WORCESTER, Mass.—Vystar Corp., the manufacturer of Vytex natural rubber latex and various products made with Vytex, has paid off $1.5 million in long-term debt.
CMA Investments L.L.C. and its guarantors accepted 15 million shares of restricted Vystar common stock as payment for the principal and interest on the decade-old loan, Vystar said July 16.
With this repayment, Vystar has reduced its long-term debt by $2.6 million this year, the company said.
"Vystar is now totally free of long-term debt and liens," Vstar CEO Steven Rotman said, noting that this not only cleans up Vystar's balance sheet, but gives the company a fresh start in executing its strategic plan.
That plan, according to Rotman, includes further acquisitions, expanding Vystar's distribution network, developing new Vytex formulations and developing and launching new product lines.

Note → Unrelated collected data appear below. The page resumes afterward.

(* There is an absolute constant $C>0$ such that the following holds. Let $\varepsilon\in(0,1)$ and let $f:\mathbb R\to\mathbb R$ be $1$-smooth with $f\ge0$, $f(0)=1$ and $f'(0)\le-\varepsilon$. Then ZerothOrder terminates and outputs an $\varepsilon$-stationary point of $f$ using at most $C(1+\log(1/\varepsilon))$ queries to the zeroth- and first-order oracle.
   Context: $f:\mathbb R\to\mathbb R$ is $1$-smooth if it is continuously differentiable and $f'$ is $1$-Lipschitz; $x$ is an $\varepsilon$-stationary point if $|f'(x)|<\varepsilon$. The oracle returns $(f(x),f'(x))$ on query $x$; values at already-queried points are reused. Subroutines (each ''returns'' its output to the caller, and a recursive call's output is returned unchanged): BinarySearch$(x_0,x_1)$: $m=(x_0+x_1)/2$; if $|f'(m)|<\varepsilon$ return $m$; if $f'(m)\le-\varepsilon$ return BinarySearch$(m,x_1)$; if $f'(m)>0$ return BinarySearch$(x_0,m)$. BinarySearchIII$(x_-,x_+)$: $m=(x_-+x_+)/2$; if $|f'(m)|<\varepsilon$ return $m$; else if $f'(m)>0$ return BinarySearch$(x_-,m)$; else if $f(m)\ge f(x_-)$ return BinarySearchIII$(x_-,m)$; else return BinarySearchIII$(m,x_+)$. BinarySearchII$(x_-,x_+)$: $m=(x_-+x_+)/2$; if $|f'(m)|<\varepsilon$ return $m$; else if $f'(m)>0$ return BinarySearch$(x_-,m)$; else if $f(m)\ge f(x_-)$ return BinarySearchIII$(x_-,m)$; else if $f(m)\le f(x_+)$ return BinarySearchIII$(m,x_+)$; else if $f(x_-)-f(m)\le\frac12(f(x_-)-f(x_+))$ return BinarySearchII$(x_-,m)$; else return BinarySearchII$(m,x_+)$. DecreaseGap$(x_0)$: let $y=x_0+2/\varepsilon$; if $|f'(y)|<\varepsilon$ return (''stationary'', $y$); else if $f'(y)>0$ return (''stationary'', BinarySearch$(x_0,y)$); else if $f(y)\ge\frac34 f(x_0)$ return (''base'', $x_0$); else return DecreaseGap$(y)$. ZerothOrder: run DecreaseGap$(0)$. If it returns (''stationary'', $z$), output $z$. If it returns (''base'', $x_-$), set $x_+=x_-+2/\varepsilon$; if $|f'(x_-)|<\varepsilon$ output $x_-$; else if $f(x_+)\le f(x_-)$ output BinarySearchII$(x_-,x_+)$; else output BinarySearchIII$(x_-,x_+)$. *)

From Stdlib Require Import Reals Lra List.
Import ListNotations.
Open Scope R_scope.
Lemma length_le_scale c Y X R P b : submodule X -> subp Y X ->
  (forall y, Y y -> R (c *: y)) -> (forall z, P z -> exists x r, [/\ X x, R r & z = c *: x + r]) ->
  length_le Y X b -> length_le R P b.
Proof.
move=> sX hYX hYR hP hb k [N [cN [hR hk]]]; apply: hb.
exists (fun i => capsub X (fun x => N i (c *: x))); split; last first.
  split=> [y Yy | x [Xx _] //]; split; [apply: hYX | apply/hR/hYR] => //.
split=> i hi; first exact: submod_capsub (submod_preimZ c (proj1 cN i hi)).
have [hNi [z [Ni1z nNiz]]] := proj2 cN i hi.
have sNi := proj1 cN i (ltnW hi); have sNi1 := proj1 cN i.+1 hi.
split; first by move=> x [Xx Nicx]; split=> //; apply: hNi.
have Ni1k : subp (N i.+1) (N k) by apply: submod_chain_mono cN _; rewrite hi leqnn.
have N0i : subp (N 0%N) (N i) by apply: submod_chain_mono cN _; rewrite leq0n ltnW.
have [x [r [Xx Rr zE]]] := hP z (hk z (Ni1k z Ni1z)).
have Nir : N i r by apply/N0i/hR.
exists x; split.
  split=> //; rewrite (_ : c *: x = z - r); last by rewrite zE addrK.
  by apply: submodB => //; apply: hNi.
by move=> [_ Nicx]; apply: nNiz; rewrite zE; apply: submodD.
Qed.

End SubmoduleChains.

Section Ideals.
Variable A : comNzRingType.
Implicit Types (I K : A -> Prop) (s t u : seq A).

Lemma ideal_intro I : I 0 -> (forall x y, I x -> I y -> I (x - y)) ->
  (forall c x, I x -> I (c * x)) -> ideal I.
Proof. by move=> I0 IB IM; split=> //; split=> //; split=> // c x _; apply: IM. Qed.

Lemma ideal0 I : ideal I -> I 0.
Proof. by case=> _ []. Qed.

Lemma idealB I x y : ideal I -> I x -> I y -> I (x - y).
Proof. by case=> _ [_ [IB _]]; apply: IB. Qed.

Lemma idealMl I c x : ideal I -> I x -> I (c * x).
Proof. by case=> _ [_ [_ IM]]; apply: IM. Qed.

Lemma idealD I x y : ideal I -> I x -> I y -> I (x + y).
Proof.
move=> iI Ix Iy; rewrite -[y]opprK -[- y]sub0r.
by apply: idealB => //; apply: idealB => //; apply: ideal0.
Qed.

Lemma ideal_sum I (T : Type) (r : seq T) (P : pred T) (f : T -> A) :
  ideal I -> (forall i, P i -> I (f i)) -> I (\sum_(i <- r | P i) f i).
Proof. by move=> iI; apply: big_ind => //; [apply: ideal0 | move=> x y; apply: idealD]. Qed.

Lemma gen_idealP s x : gen_ideal s x <-> exists f : nat -> A, x = \sum_(i < size s) f i * s`_i.
Proof.
split=> [[c ->] | [f ->]]; first by exists (fun i => c`_i).
by exists (mkseq f (size s)); apply: eq_bigr => i _; rewrite nth_mkseq.
Qed.

Lemma ideal_gen_ideal s : ideal (gen_ideal s).
Proof.
apply: ideal_intro.
- by apply/gen_idealP; exists (fun _ => 0); rewrite big1 // => i _; rewrite mul0r.
- move=> _ _ /gen_idealP[f ->] /gen_idealP[g ->]; apply/gen_idealP.
  by exists (fun i => f i - g i); rewrite -sumrB; apply: eq_bigr => i _; rewrite mulrBl.
- move=> c _ /gen_idealP[f ->]; apply/gen_idealP; exists (fun i => c * f i).
  by rewrite mulr_sumr; apply: eq_bigr => i _; rewrite mulrA.
Qed.

Lemma gen_ideal_mem s x : x \in s -> gen_ideal s x.
Proof.
move=> sx; have si : (index x s < size s)%N by rewrite index_mem.
apply/gen_idealP; exists (fun j => (j == index x s)%:R).
rewrite (bigD1 (Ordinal si)) //= eqxx mul1r nth_index // big1 ?addr0 // => j ji.
rewrite (_ : (j == _ :> nat) = false) ?mul0r //.
by apply: contraNF ji => /eqP ji; apply/eqP/val_inj.
Qed.

Lemma gen_ideal_ind s (P : A -> Prop) : P 0 -> (forall x y, P x -> P y -> P (x + y)) ->
  (forall c y, y \in s -> P (c * y)) -> forall x, gen_ideal s x -> P x.
Proof.
move=> P0 PD PM x /gen_idealP[f ->].
by apply: (big_ind P) => // i _; apply: PM; apply: mem_nth.
Qed.

Lemma gen_ideal_min s I : ideal I -> (forall y, y \in s -> I y) -> subp (gen_ideal s) I.
Proof.
move=> iI sI; apply: gen_ideal_ind; first exact: ideal0.
  by move=> x y; apply: idealD.
by move=> c y /sI; apply: idealMl.
Qed.

Lemma gen_ideal_subset s t : {subset s <= t} -> subp (gen_ideal s) (gen_ideal t).
Proof. by move=> st; apply: gen_ideal_min (ideal_gen_ideal t) _ => y /st /gen_ideal_mem. Qed.

Lemma gen_idealMl x s z : gen_ideal s z -> gen_ideal (map (fun y => x * y) s) (x * z).
Proof.
move=> /gen_idealP[f ->]; apply/gen_idealP; exists f; rewrite size_map mulr_sumr.
by apply: eq_bigr => i _; rewrite (nth_map 0) // mulrCA.
Qed.

Lemma gen_idealM s t u y z : (forall y z, y \in s -> z \in t -> gen_ideal u (y * z)) ->
  gen_ideal s y -> gen_ideal t z -> gen_ideal u (y * z).
Proof.
move=> st_u sy tz; have iu := ideal_gen_ideal u.
move: y sy; apply: gen_ideal_ind => [|y1 y2|c y1 sy1]; first by rewrite mul0r; apply: ideal0.
  by rewrite mulrDl; apply: idealD.
rewrite -mulrA; apply: idealMl => //; move: z tz; apply: gen_ideal_ind => [|z1 z2|c' z1 tz1].
- by rewrite mulr0; apply: ideal0.
- by rewrite mulrDr; apply: idealD.
by rewrite mulrCA; apply: idealMl => //; apply: st_u.
Qed.

Lemma idealprod_mul I K x y : I x -> K y -> idealprod I K (x * y).
Proof.
by move=> Ix Ky; exists [:: (x, y)]; rewrite big_seq1; split=> // p; rewrite inE => /eqP->.
Qed.

Lemma ideal_idealprod I K : ideal I -> ideal (idealprod I K).
Proof.
move=> iI; have idealprodMl c x : idealprod I K x -> idealprod I K (c * x).
  move=> [s [hs ->]]; exists [seq (c * p.1, p.2) | p <- s]; split.
    by move=> _ /mapP[p /hs[Ip Kp] ->]; split=> //; apply: idealMl.
  by rewrite big_map mulr_sumr; apply: eq_bigr => p _; rewrite mulrA.
apply: ideal_intro => [|x y|//]; first by exists [::]; rewrite big_nil.
move=> [s1 [hs1 ->]] /(idealprodMl (-1))[s2 [hs2 sE]].
exists (s1 ++ s2); rewrite big_cat -sE mulN1r; split=> // p.
by rewrite mem_cat => /orP[/hs1 | /hs2].
Qed.

Lemma ideal_idealpow I k : ideal I -> ideal (idealpow I k).
Proof. by case: k => [|k] iI /=; [apply: ideal_intro | apply: ideal_idealprod]. Qed.

Lemma idealprod_mono I I' K K' : subp I I' -> subp K K' -> subp (idealprod I K) (idealprod I' K').
Proof. by move=> II' KK' x [s [hs ->]]; exists s; split=> // p /hs[/II' ? /KK' ?]. Qed.

Lemma idealpow_mono I I' k : subp I I' -> subp (idealpow I k) (idealpow I' k).
Proof. by move=> II'; elim: k => [|k IH] //= x; apply: idealprod_mono. Qed.

(* The monomials of degree [k] in the entries of [a], one for each multiset of [k]
   indices, so that [size (monomials k a)] only depends on [k] and [size a]. *)
Fixpoint monomials (k : nat) (a : seq A) : seq A :=
  match k with
  | 0 => [:: 1]
  | k'.+1 => (fix mk a := if a is x :: a' then
                map (fun y => x * y) (monomials k' (x :: a')) ++ mk a' else [::]) a
  end.

Lemma monomialsS k x a :
  monomials k.+1 (x :: a) = map (fun y => x * y) (monomials k (x :: a)) ++ monomials k.+1 a.
Proof. by []. Qed.

Lemma monomials_idealpow k a m : m \in monomials k a -> idealpow (gen_ideal a) k m.
Proof.
elim: k a m => [|k IHk] a m //; elim: a m => [|x a IHa] m //.
rewrite monomialsS mem_cat => /orP[/mapP[y ky ->] | km].
  by apply: idealprod_mul; [apply: gen_ideal_mem; rewrite mem_head | apply: IHk].
apply: (idealpow_mono (k := k.+1) _ (IHa m km)).
by apply: gen_ideal_subset => y ay; rewrite inE ay orbT.
Qed.

Lemma monomials_mul_gen_ideal a k i m : (i < size a)%N -> m \in monomials k a ->
  gen_ideal (monomials k.+1 a) (a`_i * m).
Proof.
elim: a k i m => [|x a IHa] k [|i] m // ia.
  by move=> km; apply: gen_ideal_mem; rewrite monomialsS mem_cat (map_f (fun y => x * y)).
have a_sub kk : {subset monomials kk a <= monomials kk (x :: a)}.
  by case: kk => [//|kk] y ay; rewrite monomialsS mem_cat ay orbT.
elim: k m => [|k IHk] m.
  by rewrite inE => /eqP->; apply: (gen_ideal_subset (a_sub 1%N)); apply: IHa; rewrite ?inE.
rewrite monomialsS mem_cat => /orP[/mapP[m' km' ->] | km].
  rewrite mulrCA; apply: (gen_ideal_subset _ (gen_idealMl x (IHk m' km'))).
  by move=> y xy; rewrite (monomialsS k.+1) mem_cat xy.
exact: (gen_ideal_subset (a_sub _) (IHa _ _ _ ia km)).
Qed.

Lemma idealpow_gen_ideal_monomials k a p :
  idealpow (gen_ideal a) k p -> gen_ideal (monomials k a) p.
Proof.
elim: k p => [|k IHk] p /=.
  move=> _; rewrite -[p]mulr1; apply: idealMl; first exact: ideal_gen_ideal.
  by apply: gen_ideal_mem; rewrite inE.
move=> [s [hs ->]]; rewrite big_seq; apply: ideal_sum; first exact: ideal_gen_ideal.
move=> q /hs[aq1 akq2]; apply: gen_idealM aq1 (IHk _ akq2) => y z ay kz.
by rewrite -(nth_index 0 ay); apply: monomials_mul_gen_ideal; rewrite ?index_mem.
Qed.

End Ideals.

Section ModuleProducts.
Variables (A : comNzRingType) (M : lmodType A).
Implicit Types (I : A -> Prop) (P X Y : M -> Prop).

Lemma modprod_mem I X p x : I p -> X x -> modprod I X (p *: x).
Proof.
by move=> Ip Xx; exists [:: (p, x)]; rewrite big_seq1; split=> // q; rewrite inE => /eqP->.
Qed.

Lemma modprod_min I X P : submodule P -> (forall p x, I p -> X x -> P (p *: x)) ->
  subp (modprod I X) P.
Proof.
by move=> sP IXP _ [s [hs ->]]; rewrite big_seq; apply: submod_sum => // p /hs[]; apply: IXP.
Qed.

Lemma modprod_mono I I' X : subp I I' -> subp (modprod I X) (modprod I' X).
Proof. by move=> II' x [s [hs ->]]; exists s; split=> // p /hs[/II']. Qed.

Lemma submodule_modprod I X : ideal I -> submodule (modprod I X).
Proof.
move=> iI; split; first by exists [::]; rewrite big_nil.
split.
  move=> _ _ [s1 [hs1 ->]] [s2 [hs2 ->]]; exists (s1 ++ s2); rewrite big_cat; split=> // p.
  by rewrite mem_cat => /orP[/hs1 | /hs2].
move=> c _ [s [hs ->]]; exists [seq (c * p.1, p.2) | p <- s]; split.
  by move=> _ /mapP[p /hs[Ip Xp] ->]; split=> //; apply: idealMl.
by rewrite big_map scaler_sumr; apply: eq_bigr => p _; rewrite scalerA.
Qed.

Lemma modprod_idealpowS a k X Y : submodule X -> subp (modprod (gen_ideal a) Y) X ->
  subp (modprod (idealpow (gen_ideal a) k.+1) Y) (modprod (idealpow (gen_ideal a) k) X).
Proof.
move=> sX JYX; have sJX := submodule_modprod X (ideal_idealpow k (ideal_gen_ideal a)).
apply: modprod_min => // _ y [s [hs ->]] Yy; rewrite scaler_suml big_seq.
apply: submod_sum => // p /hs[ap1 akp2]; rewrite mulrC -scalerA.
by apply: modprod_mem => //; apply/JYX/modprod_mem.
Qed.

Definition addsub_lincomb P (L : seq A) X (t : nat) :=
  addsub P (fun z => exists xs : nat -> M, (forall l, X (xs l)) /\ z = \sum_(l < t) L`_l *: xs l).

Vytex, Vystar's flagship product, is an all-natural rubber latex that is 100-percent renewable, environmentally safe, biodegradable and largely free of allergy-causing proteins, according to the company. It can be used in more than 40,000 products covering a vast range of applications, it said.
Vystar, which last year moved its headquarters to Worcester from Atlanta, has been in acquisition mode recently. In May, it announced the acquisition of air filtration company UV Flu Technologies Inc. The month before, it acquired NHS Holdings L.L.C., its exclusive U.S. distributor.